The following report begins with background on the situation of women and women’s groups within Palestinian society, and specifically within a highly restrictive and coercive civil space. In this context, an overview of Palestinian female role models, the vast majority of whom are celebrated for their participation in violent “resistance,” is presented. The report then reviews the role of the international community in perpetuating this state of affairs, whether through funding of radical Palestinian NGOs, or through granting international legitimacy to these groups in multilateral forums such as the UN.

Palestinian Women and the Coercive Nature of Palestinian Civil Space

Palestinian women and their interest groups operate in a precarious space within larger Palestinian society. Pervasive and discriminatory patriarchal cultural traditions not only make gender equality a difficult issue to broach in society, but also permeate all aspects of life for women. This sentiment is echoed by a UN Women study in which the authors note, “The challenges and rights violations facing women and girls in the Arab region are many, including low political and economic participation, violence and discrimination grounded in deep-rooted inequalities and established systems of patriarchy.”

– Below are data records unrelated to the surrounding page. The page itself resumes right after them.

Lemma size_enum_below n : size (enum_below n) = count_below n.
Proof. exact: size_filter. Qed.

Lemma nth_enum_below n i : i < count_below n ->
  O (nth 0 (enum_below n) i) /\ nth 0 (enum_below n) i < n.
Proof.
rewrite -size_enum_below => /(mem_nth 0).
by rewrite mem_filter mem_iota => /andP [-> /andP [_ ->]].
Qed.

Lemma nth_enum_below_ltE n c i : c <= n -> i < count_below n ->
  (nth 0 (enum_below n) i < c) = (i < count_below c).
Proof.
move=> le_cn; rewrite /count_below /enum_below -(subnKC le_cn) iotaD.
rewrite filter_cat nth_cat size_filter count_cat add0n.
case: ifP => [ltic _|/negbT]; first by have [_ ->] := nth_enum_below ltic.
rewrite -leqNgt => leci ltin; apply/negbTE; rewrite -leqNgt.
have : nth 0 (filter O (iota c (n - c))) (i - count O (iota 0 c)) \in filter O (iota c (n - c)).
  by apply: mem_nth; rewrite size_filter ltn_subLR.
by rewrite mem_filter mem_iota => /andP [_ /andP []].
Qed.

Lemma nth_enum_below_ltn n i j : i < j -> j < count_below n ->
  nth 0 (enum_below n) i < nth 0 (enum_below n) j.
Proof.
move=> ltij ltjn; apply: (sorted_ltn_nth ltn_trans); rewrite ?inE ?size_enum_below //; last lia.
exact/sorted_filter/iota_ltn_sorted/ltn_trans.
Qed.

End CountBelow.

Lemma bounded_choice (P : nat -> nat -> bool) l :
  (forall j, j < l -> exists y, P j y) -> exists f : nat -> nat, forall j, j < l -> P j (f j).
Proof.
move=> exP; have exP' j : exists y, (j < l) ==> P j y.
  by case: (ltnP j l) => [/exP [y Py]|]; [exists y; rewrite Py | exists 0].
by exists (fun j => xchoose (exP' j)) => j ltjl; exact: (implyP (xchooseP (exP' j))).
Qed.

(* The pattern with rows s and t is an interval minor of a matrix with two row blocks of
   column supports X and Y. *)
Definition embeds_rows (s t : nat -> bool) (l n : nat) (X Y : nat -> bool) : Prop :=
  exists x y : nat -> nat,
    (forall j, j < l -> [/\ x j < n, y j < n, s j ==> X (x j) & t j ==> Y (y j)]) /\
    (forall j, j.+1 < l -> maxn (x j) (y j) < minn (x j.+1) (y j.+1)).

Lemma embeds_rows_mono s t l n (X Y X' Y' : nat -> bool) :
  (forall c, X c -> X' c) -> (forall c, Y c -> Y' c) ->
  embeds_rows s t l n X Y -> embeds_rows s t l n X' Y'.
Proof.
move=> subX subY [x [y [hit sep]]]; exists x, y; split=> // j /hit [-> -> sX tY].
by split=> //; apply/implyP; [move/(implyP sX)/subX | move/(implyP tY)/subY].
Qed.

Lemma embeds_rows_swap s t l n X Y : embeds_rows s t l n X Y -> embeds_rows t s l n Y X.
Proof.
move=> [x [y [hit sep]]]; exists y, x; split; first by move=> j /hit [].
by move=> j /sep; rewrite maxnC minnC.
Qed.

(* The gaps of O met by Y, the gap of y being named by the number of elements of O up to y. *)
Definition gap_classes (O Y : nat -> bool) (n : nat) : seq nat :=
  undup [seq count_below O y.+1 | y <- iota 0 n & Y y].

Lemma gap_classesP (O Y : nat -> bool) n v :
  reflect (exists y, [/\ y < n, Y y & count_below O y.+1 = v]) (v \in gap_classes O Y n).
Proof.
rewrite mem_undup; apply: (iffP mapP) => [[y]|[y [ltyn Yy <-]]].
  by rewrite mem_filter mem_iota => /andP [Yy /andP [_ ltyn]] ->; exists y.
by exists y; rewrite // mem_filter mem_iota Yy ltyn.
Qed.

Lemma gap_classes_sub O (Y Y' : nat -> bool) n v :
  (forall c, Y c -> Y' c) -> v \in gap_classes O Y n -> v \in gap_classes O Y' n.
Proof. by move=> subY /gap_classesP [y [ltyn /subY Y'y <-]]; apply/gap_classesP; exists y. Qed.

(* Given 2l gaps, take y_j in the (2j)-th one and x_j the next element of O: the
   (2j+1)-th gap separates x_j from y_(j+1). *)
Lemma size_gap_classes s t l n (O Y : nat -> bool) :
  (forall v, O v -> v < n) -> ~ embeds_rows s t l n O Y -> size (gap_classes O Y n) < 2 * l.
Proof.
move=> On noemb; rewrite ltnNge; apply/negP => large; apply: noemb.
pose S := sort leq (gap_classes O Y n).
have sizeS : size S = size (gap_classes O Y n) by rewrite size_sort.
have S_ltn i j : i < j -> j < size S -> nth 0 S i < nth 0 S j.
  move=> ltij ltjS; apply: (sorted_ltn_nth ltn_trans); rewrite ?inE //; last lia.
  by rewrite ltn_sorted_uniq_leq sort_uniq undup_uniq sort_sorted //; exact: leq_total.
have memS i : i < size S -> nth 0 S i \in gap_classes O Y n.
  by move=> ltiS; rewrite -(mem_sort leq) mem_nth.
have [y Hy] : exists y : nat -> nat, forall j, j < l ->
    [&& y j < n, Y (y j) & count_below O (y j).+1 == nth 0 S j.*2].
  apply: (@bounded_choice (fun j y => [&& y < n, Y y & count_below O y.+1 == nth 0 S j.*2]) l).
  move=> j ltjl.
  have /gap_classesP [y [ltyn Yy ey]] : nth 0 S j.*2 \in gap_classes O Y n by apply: memS; lia.
  by exists y; rewrite ltyn Yy ey eqxx.
have class_lt j : j < l -> nth 0 S j.*2 < count_below O n.
  move=> ltjl; have lt2jS : j.*2.+1 < size S by lia.
  have /gap_classesP [y' [_ _ ey']] := memS _ lt2jS.
  apply: leq_trans (S_ltn _ _ (ltnSn _) lt2jS) _; rewrite -ey'; exact: count_below_bounded.
pose x j := nth 0 (enum_below O n) (nth 0 S j.*2).
have x_gtn j : j < l -> y j < x j.
  move=> /[dup] /Hy /and3P [ltyn _ /eqP ey] /class_lt ltS.
  by rewrite ltnNge -ltnS /x nth_enum_below_ltE // ey ltnn.
exists x, y; split=> [j ltjl|j ltjl].
  have /and3P [-> -> _] := Hy j ltjl.
  by have [-> ->] := nth_enum_below (class_lt j ltjl); rewrite !implybT.
have /and3P [ltyn' _ /eqP ey'] := Hy j.+1 ltjl.
have x_ltn : x j < y j.+1.
  rewrite /x nth_enum_below_ltE ?class_lt; try lia.
  have := count_belowS O (y j.+1); rewrite ey'.
  have := S_ltn j.*2 j.*2.+1 (ltnSn _) ltac:(lia).
  have := S_ltn j.*2.+1 j.+1.*2 ltac:(lia) ltac:(lia).
  lia.
have := x_gtn j ltac:(lia); have := x_gtn j.+1 ltjl; lia.
Qed.

Lemma retract_ltn (e : nat -> nat) lo b j u w :
  lo <= e j -> e j.+1 < b -> e j < e j.+1 -> u < w ->
  (if lo <= u <= b then e j else u) < (if lo <= w <= b then e j.+1 else w).
Proof. by move=> *; do 2 case: ifP => /andP; lia. Qed.

(* The columns in [lo, b] of the j-th column block are moved onto the j-th element of O
   in [lo, b), freeing the top row from column b. *)
Lemma embeds_rows_retract s t l n (O X Y : nat -> bool) lo b (x y : nat -> nat) :
  (forall c, O c -> X c) -> lo <= b < n -> count_below O lo + l <= count_below O b ->
  (forall j, j < l -> [/\ x j < n, y j < n, s j ==> X (x j) || (x j == b) & t j ==> Y (y j)]) ->
  (forall j, j.+1 < l -> maxn (x j) (y j) < minn (x j.+1) (y j.+1)) ->
  (forall j, j < l -> t j -> (y j < lo) || (b < y j)) ->
  embeds_rows s t l n X Y.
Proof.
move=> OX /andP [le_lob ltbn] many hit sep y_out.
pose e j := nth 0 (enum_below O n) (count_below O lo + j).
have e_rank j : j < l -> count_below O lo + j < count_below O n.
  move=> ltjl; apply: leq_trans (count_below_mono O (ltnW ltbn)); lia.
have e_in j : j < l -> [/\ O (e j), e j < n, lo <= e j & e j < b].
  move=> ltjl; have [Oe lten] := nth_enum_below (e_rank j ltjl).
  split=> //; last by rewrite nth_enum_below_ltE ?e_rank //; lia.
  by rewrite leqNgt nth_enum_below_ltE ?e_rank //; lia.
have e_ltn j : j.+1 < l -> e j < e j.+1.
  by move=> ltjl; apply: nth_enum_below_ltn; [lia | exact: e_rank].
pose f j v := if lo <= v <= b then e j else v.
exists (fun j => f j (x j)), (fun j => f j (y j)); split=> [j ltjl | j ltjl].
  have [ltxn ltyn sX tY] := hit j ltjl; have [Oe lten _ _] := e_in j ltjl.
  rewrite /f; split; try by case: ifP.
    apply/implyP=> sj; case: ifP => [_|/negP x_out]; first exact: OX.
    by case/orP: (implyP sX sj) => // /eqP xb; case: x_out; rewrite xb le_lob leqnn.
  apply/implyP=> tj; case: ifP => [/andP [lo_y y_b]|_]; last exact: implyP tY tj.
  by case/orP: (y_out j ltjl tj); lia.
have [_ _ le_lo _] := e_in j (ltnW ltjl); have [_ _ _ lt_b] := e_in j.+1 ltjl.
have lt_ee := e_ltn j ltjl; have := sep j ltjl.
rewrite !gtn_max !leq_min => /andP [/andP [xx xy] /andP [yx yy]].
by rewrite !retract_ltn.
Qed.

This is demonstrated by the restrictive nature of personal and familial status laws; a very low labor participation rate of 19% (as opposed to 71% for men); a non-uniform legal system comprised of Sharia law and laws inherited from Egypt, Jordan, and Britain; and a corrupt and stagnant Palestinian Authority (PA) where women accounted only for 12.9% of parliamentarians in 2007 (the last time the Palestinian Legislative Council convened).

Similar to the discriminatory character of Palestinian society, Palestinian civil space displays many of the same features. As opposed to an arena that is meant to be neutral and foster civic participation, local Palestinian civil space is decidedly biased. In regards to Palestinian women’s groups, this is punctuated by the fact that some of the most prominent organizations, including those listed above, are members of the Code of Conduct Coalition.1 Moreover, this reality is exemplified by the 2016 “Support Statement of Palestinian Feminists in Palestine and Diaspora” which was signed by 108 leading female activists. The statement accuses Israel of “colonial and racist oppression”; “deplore[s] the colonial attitude inherent in some Israeli feminists’ request of us to sign a statement in favor of liberal ideals… and against the effective solidarity with the struggle for rights”; and “emphasize[s] that popular resistance movements, including the boycott movement, are feminist issues as well.”

Being beholden to the Coalition’s radical and politicized code of conduct2—which requires all members to “be in line with the national agenda without any normalization activities with the occupier, neither at the political-security nor the cultural or developmental levels”— further binds women’s groups to Palestinian nationalistic campaigns. In effect, this reality prioritizes “national struggle” while relegating social change and equality for women to the background. This presents a major hindrance to gender equality in Palestinian society because it avoids targeting the aforementioned institutions that perpetuate such inequality (e.g. a biased legal system, inaccessible political hierarchy, and repressive cultural traditions).

Additionally, ostensible government support for gender equality issues buys the PA valuable international political capital while effectively preserving the gender status quo. This is exemplified by the accession of the Convention on the Elimination of all Forms of Discrimination Against Women (CEDAW) by the PA in April 2014. Despite garnering widespread praise for adopting an important international treaty meant to help foster gender equality, the PA has not made significant progress in actually implementing the treaty. According to a report by the Independent Commission for Human Rights (ICHR), all international human rights treaties signed by the PA, including CEDAW, are presented as non-obligatory “due to the non-existence of a legal framework that would regulate the merger of these treaties in the national legal system.” Jerusalem Appeal Court judge Ms. Amneh Hamarsheh summarized the PA’s empty accession of CEDAW well, stating, “CEDAW is but ink on paper.”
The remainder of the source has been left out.